Travel

  • History,  Travel

    On the Vanthiyathevan trail – I

    There are vacations. And there are vacations. The first kind are those you plan, you book yourself into a nice resort or hotel, you take a train or a flight and you go. The destination is clear. And so is the plan. And then there are other vacations. You have no idea where you want to go. You’re not sure of what you’ll find where you go. You’re not even sure whether you’ll find anything at all when you get there. And these vacations are the most memorable ones you’ll ever take.

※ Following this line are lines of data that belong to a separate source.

(* Let $\mathbf{k}$ be a field of characteristic zero, $n\ge4$, and $S=(a_1,\dots,a_n)$ with all $a_i$ positive integers. Let $B_S=\mathbf{k}[X_1,\dots,X_n]/\langle X_1^{a_1}+\cdots+X_n^{a_n}\rangle=\mathbf{k}[x_1,\dots,x_n]$ where $x_i$ is the image of $X_i$, let $L=\mathrm{lcm}(S)$ and $(d_1,\dots,d_n)=(L/a_1,\dots,L/a_n)$. Then: (a) $\gcd(d_1,\dots,d_n)=1$ and $\mathrm{type}(d_1,\dots,d_n)=\mathrm{cotype}(a_1,\dots,a_n)$. (b) For each $i\in\{1,\dots,n\}$: $\gcd(d_1,\dots,\widehat{d_i},\dots,d_n)\neq1 \iff \mathrm{lcm}(a_1,\dots,\widehat{a_i},\dots,a_n)\neq\mathrm{lcm}(S)\iff i\in J(S)$. (c) $x_1,\dots,x_n$ are homogeneous prime elements of $B_S$ (with respect to the standard $\mathbb{N}$-grading) and are pairwise non-associates.
   Context: The standard $\mathbb{N}$-grading of $B_S$ is the unique $\mathbb{N}$-grading in which each $x_i$ is homogeneous of degree $d_i=L/a_i$. For a tuple $T=(t_1,\dots,t_n)$: $T_i$ is $T$ with the $i$-th entry omitted; $J^*(T)=\{i:\gcd(T_i)\neq\gcd(T)\}$, $\mathrm{type}(T)=|J^*(T)|$; $J(T)=\{i: t_i\nmid \mathrm{lcm}(T_i)\}$, $\mathrm{cotype}(T)=|J(T)|$. A hat denotes omission. *)

From HB Require Import structures.
From mathcomp Require Import all_boot all_order all_algebra.
From mathcomp Require Import mpoly.
Set Implicit Arguments. Unset Strict Implicit. Unset Printing Implicit Defensive.
Import GRing.Theory.
Local Open Scope ring_scope.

    I first read Ponniyin Selvan when I was 17. Caught in the limbo between school and college, barely able to read more than two sentences in Tamil, I picked up the book, encouraged by my grandmother first and my father later. Forty-six pages into the book, I was hooked. Never have I been so enamoured by a novel that I have read it time and again, four times at last count and the fifth in progress. After my third reading in five years I decided I wanted to go to all those places mentioned in the book. Irrespective of its historical accuracy, and inspite of myself, I fell in love. In love with Chola history. In love with the brave Vanthiyathevan and the handsome Arulmozhi. Has I been born during those times, I would probably have wanted to marry one of these men.

    This love affair with the Cholas continues. Almost two decades have gone past and I’m still enamoured by the men who built such pieces of art as the Thanjavur temple. This dream of visiting the places on the Vanthiyathevan trail is not a new one, nor is it a solitary one. It is a decade-old dream, shared with Sriram. A dream that we’ve spent a decade discussing and refining. A dream that we’ve spent years trying to make a reality. Somewhere in-between, life happened and the dream didn’t quite materialise. Until this year. When we heard of the Kollidam being full and flowing into the sea after many years, we arrived at an unspoken agreement that we would do it this year. Come what may.

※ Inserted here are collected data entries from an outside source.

(* For a liner $X$ the following are equivalent: (1) $X$ is weakly modular; (2) $X$ is ranked and weakly regular; (3) $X$ is ranked and for any planes $P,\Pi\subseteq X$ with $\|P\cup\Pi\|=4$, the intersection $P\cap\Pi$ is not a singleton.
   Context: A liner is a set $X$ of points with a family of subsets called lines such that any two distinct points lie in a unique line and every line contains at least two points. For distinct $x,y$, $\overline{xy}$ is the line through them. A set is flat if it contains $\overline{xy}$ for all its distinct points $x,y$; $\overline A$ is the smallest flat containing $A$. The rank $\|A\|$ is the smallest cardinality of $B\subseteq X$ with $A\subseteq\overline B$. A plane is a flat of rank $3$. $X$ is ranked if any two flats $A\subseteq B$ with $\|A\|=\|B\|<\omega$ are equal. $X$ is weakly modular if $\|A\cap B\|+\|A\cup B\|=\|A\|+\|B\|$ for all flats $A,B\subseteq X$ with $A\cap B\neq\varnothing$. $X$ is weakly regular if for every flat $A\subseteq X$ and points $a\in A$, $b\in X\setminus A$ we have $\overline{A\cup\{b\}}=\bigcup_{x\in A}\overline{\{a,b,x\}}$. *)

From mathcomp Require Import all_boot.
From mathcomp Require Import boolp classical_sets functions cardinality.
Set Implicit Arguments. Unset Strict Implicit. Unset Printing Implicit Defensive.
Local Open Scope classical_set_scope.
Local Open Scope card_scope.

Section Liner.
Variable X : Type.

Definition is_liner (L : set (set X)) : Prop :=
  (forall x y : X, x <> y ->
     exists l, [/\ L l, l x, l y &
       forall l', L l' -> l' x -> l' y -> l' = l]) /\
  (forall l, L l -> exists x y, [/\ x <> y, l x & l y]).

(* the line through distinct x, y : the unique line containing both *)
Definition line_through (L : set (set X)) (x y : X) : set X :=
  \bigcup_(l in [set l | [/\ L l, l x & l y]]) l.

Definition flat (L : set (set X)) (A : set X) : Prop :=
  forall x y, A x -> A y -> x <> y -> line_through L x y `<=` A.

Definition hull (L : set (set X)) (A : set X) : set X :=
  [set z | forall F, flat L F -> A `<=` F -> F z].

(* B is a generating set of A of least cardinality, i.e. its cardinality is
   the rank ||A|| (smallest cardinality of B with A ⊆ hull B) *)
Definition min_gen (L : set (set X)) (A B : set X) : Prop :=
  A `<=` hull L B /\ (forall C, A `<=` hull L C -> B #<= C).

Definition has_rank (L : set (set X)) (A : set X) (n : nat) : Prop :=
  exists B, min_gen L A B /\ B #= `I_n.

(* cardinal sum of two subsets of X: cardinality of their disjoint union *)
Definition dsum (A B : set X) : set (X + X) :=
  (inl @` A) `|` (inr @` B).

Definition plane (L : set (set X)) (P : set X) : Prop :=
  flat L P /\ has_rank L P 3.

Definition ranked (L : set (set X)) : Prop :=
  forall A B n, flat L A -> flat L B -> A `<=` B ->
    has_rank L A n -> has_rank L B n -> A = B.

(* ||A ∩ B|| + ||A ∪ B|| = ||A|| + ||B|| as cardinals *)
Definition weakly_modular (L : set (set X)) : Prop :=
  forall A B, flat L A -> flat L B -> A `&` B !=set0 ->
    exists G1 G2 G3 G4,
      [/\ min_gen L (A `&` B) G1, min_gen L (A `|` B) G2,
          min_gen L A G3, min_gen L B G4 &
          dsum G1 G2 #= dsum G3 G4].

Definition weakly_regular (L : set (set X)) : Prop :=
  forall A a b, flat L A -> A a -> ~ A b ->
    hull L (A `|` [set b]) = \bigcup_(x in A) hull L [set a; b; x].

End Liner.

From mathcomp Require Import all_boot zify.
From mathcomp Require Import boolp classical_sets functions cardinality.
Set Implicit Arguments. Unset Strict Implicit. Unset Printing Implicit Defensive.
Local Open Scope classical_set_scope.
Local Open Scope card_scope.

(* In a ranked liner, adding a point outside a flat raises its rank by one,
   which yields the exchange property: the flat hull is the closure operator
   of a finitary matroid, so every flat has an independent basis extending
   any given independent subset, and no generating set is smaller than an
   independent set.
   (1) -> (2), (3): weak modularity for a flat [A] and a line [ab] with [a] in
   [A] and [b] outside shows that [A + b] has larger rank, hence rankedness;
   two planes meeting in a single point would give 1 + 4 = 3 + 3.
   (3) -> (2): the union of the planes [<a,b,x>], [x] in [A], is flat.  A point
   [w] on a line joining two of them lies in [<a,b,x,y>] with [x, y] in [A];
   unless [w] is already covered, the planes [<a,b,w>] and [<a,x,y>] (inside
   [A]) span a flat of rank 4, so by (3) they share a point [x'' <> a], and
   then [<a,b,w> = <a,b,x''>].
   (2) -> (1): weak regularity gives the modular law
   [<A + F> & B = <(A & B) + F>] for flats [A], [B] and [F] included in [B].
   Hence if a basis [G] of [A & B] is extended to bases [IA], [IB] of [A], [B],
   then [IA + (IB \ G)] is a basis of [A + B], and the cardinal identity
   follows by matching [G + (IA + (IB \ G))] with [IA + IB]. *)

Lemma card_le_inj T U (A : set T) (B : set U) (f : T -> U) :
  set_fun A B f -> {in A &, injective f} -> A #<= B.
Proof.
move=> fAB finj; apply/card_subP; exists (f @` A); first exact: inj_card_eq.
by move=> _ [x Ax <-]; apply: fAB.
Qed.

Lemma card_le_nat_inj T (A : set T) (B : set nat) : A #<= B ->
  exists2 f : T -> nat, set_fun A B f & {in A &, injective f}.
Proof. by move=> /pcard_leP/injfunPex[f ff fi]; exists f. Qed.

Lemma card_le_I0 T (A : set T) : A #<= `I_0 -> A = set0.
Proof.
by move=> /card_le_nat_inj[f fA _]; apply/seteqP; split => // x /fA.
Qed.

Lemma card_le_I1 T (A : set T) x y : A #<= `I_1 -> A x -> A y -> x = y.
Proof.
move=> /card_le_nat_inj[f fA fi] Ax Ay; apply: fi; rewrite ?inE //.
by move: (fA x Ax) (fA y Ay); rewrite /= !ltnS !leqn0 => /eqP-> /eqP->.
Qed.

Lemma card_set1_le T (a : T) : [set a] #<= `I_1.
Proof. by have /card_eqPle[] := @card_set1 _ a. Qed.

Lemma card_setU1_le T (A : set T) p n : A #<= `I_n -> p |` A #<= `I_n.+1.
Proof.
move=> /card_le_nat_inj[f fA fi].
pose g x := if `[< x = p >] then n else f x.
apply: (@card_le_inj _ _ _ _ g) => [x|x y]; rewrite /g.
  case: asboolP => [_ _ /=|xp [/xp[]|/fA /= fxn]]; [exact: ltnSn|exact: ltnW].
rewrite !inE; case: asboolP => [->|xp]; case: asboolP => [->//|yp].
- by move=> _ [//|/fA /= + e]; rewrite -e ltnn.
- by move=> [//|/fA /= + _ e]; rewrite e ltnn.
- by move=> [//|Ax] [//|Ay]; apply: fi; rewrite inE.
Qed.

Lemma card_setU1r_le T (A : set T) p n : A #<= `I_n -> A `|` [set p] #<= `I_n.+1.
Proof. by rewrite setUC; exact: card_setU1_le. Qed.

Lemma infinite_card_ge T (C : set T) n : ~ finite_set C -> `I_n #<= C.
Proof. by move=> /infiniteP; apply: card_le_trans; exact: subset_card_le. Qed.

Lemma dsum_card T (A B : set T) m n : A #= `I_m -> B #= `I_n ->
  dsum A B #= `I_(m + n).
Proof.
move=> /card_set_bijP[f [fA fi fs]] /card_set_bijP[g [gA gi gs]].
pose h (s : T + T) := match s with inl x => f x | inr y => m + g y end.
have hi : {in dsum A B &, injective h}.
  move=> [x|x] [y|y]; rewrite !inE /dsum /=.
  - move=> [[x' Ax' [<-]]|[? _ //]] [[y' Ay' [<-]]|[? _ //]] e.
    by congr inl; apply: fi; rewrite ?inE.
  - move=> [[x' Ax' [<-]]|[? _ //]] [[? _ //]|[y' Ay' [<-]]] e.
    by have := fA x' Ax'; rewrite /= e ltnNge leq_addr.
  - move=> [[? _ //]|[x' Ax' [<-]]] [[y' Ay' [<-]]|[? _ //]] e.
    by have := fA y' Ay'; rewrite /= -e ltnNge leq_addr.
  - move=> [[? _ //]|[x' Ax' [<-]]] [[? _ //]|[y' Ay' [<-]]] /addnI e.
    by congr inr; apply: gi; rewrite ?inE.
rewrite card_eq_sym; apply: card_eq_trans (inj_card_eq hi).
suff -> : h @` dsum A B = `I_(m + n) by exact: card_eqxx.
apply/seteqP; split.
  move=> _ [s [[x Ax <-]|[y By <-]] <-] /=.
    by apply: leq_trans (fA x Ax) _; exact: leq_addr.
  by rewrite ltn_add2l; exact: gA.
move=> k /= kmn; have [km|mk] := ltnP k m.
  by have [x Ax <-] := fs k km; exists (inl x) => //; left; exists x.
have [|y By gy] := gs (k - m); first by rewrite /= ltn_subLR.
by exists (inr y); [right; exists y|rewrite /= gy subnKC].
Qed.

Lemma dsum_card_eq_nat T (G1 G2 G3 G4 : set T) a b c d :
  G1 #= `I_a -> G2 #= `I_b -> G3 #= `I_c -> G4 #= `I_d ->
  dsum G1 G2 #= dsum G3 G4 -> a + b = c + d.
Proof.
move=> h1 h2 h3 h4 e; apply/card_eq_II.
apply: card_eq_trans (card_esym (dsum_card h1 h2)) _.
exact: card_eq_trans e (dsum_card h3 h4).
Qed.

    We would have wanted to start our trip on the iconic Adi Thirunaal festival, just like the novel does. But bad planning at our end meant that we could leave only a week later. Not that it mattered. The journey was beautiful nonetheless. We set off from Chennai one bright Friday morning. Our timing was good because the sun was merciful almost through our six-day trip, never getting too hot to handle. After breakfast in Pondicherry, we headed out to Cuddalore, the first of our six-day, multi-city road trip. The Vanthiyathevan trail would have to wait until the next day, when we were done with the minor detour that we were planning to take in Cuddalore.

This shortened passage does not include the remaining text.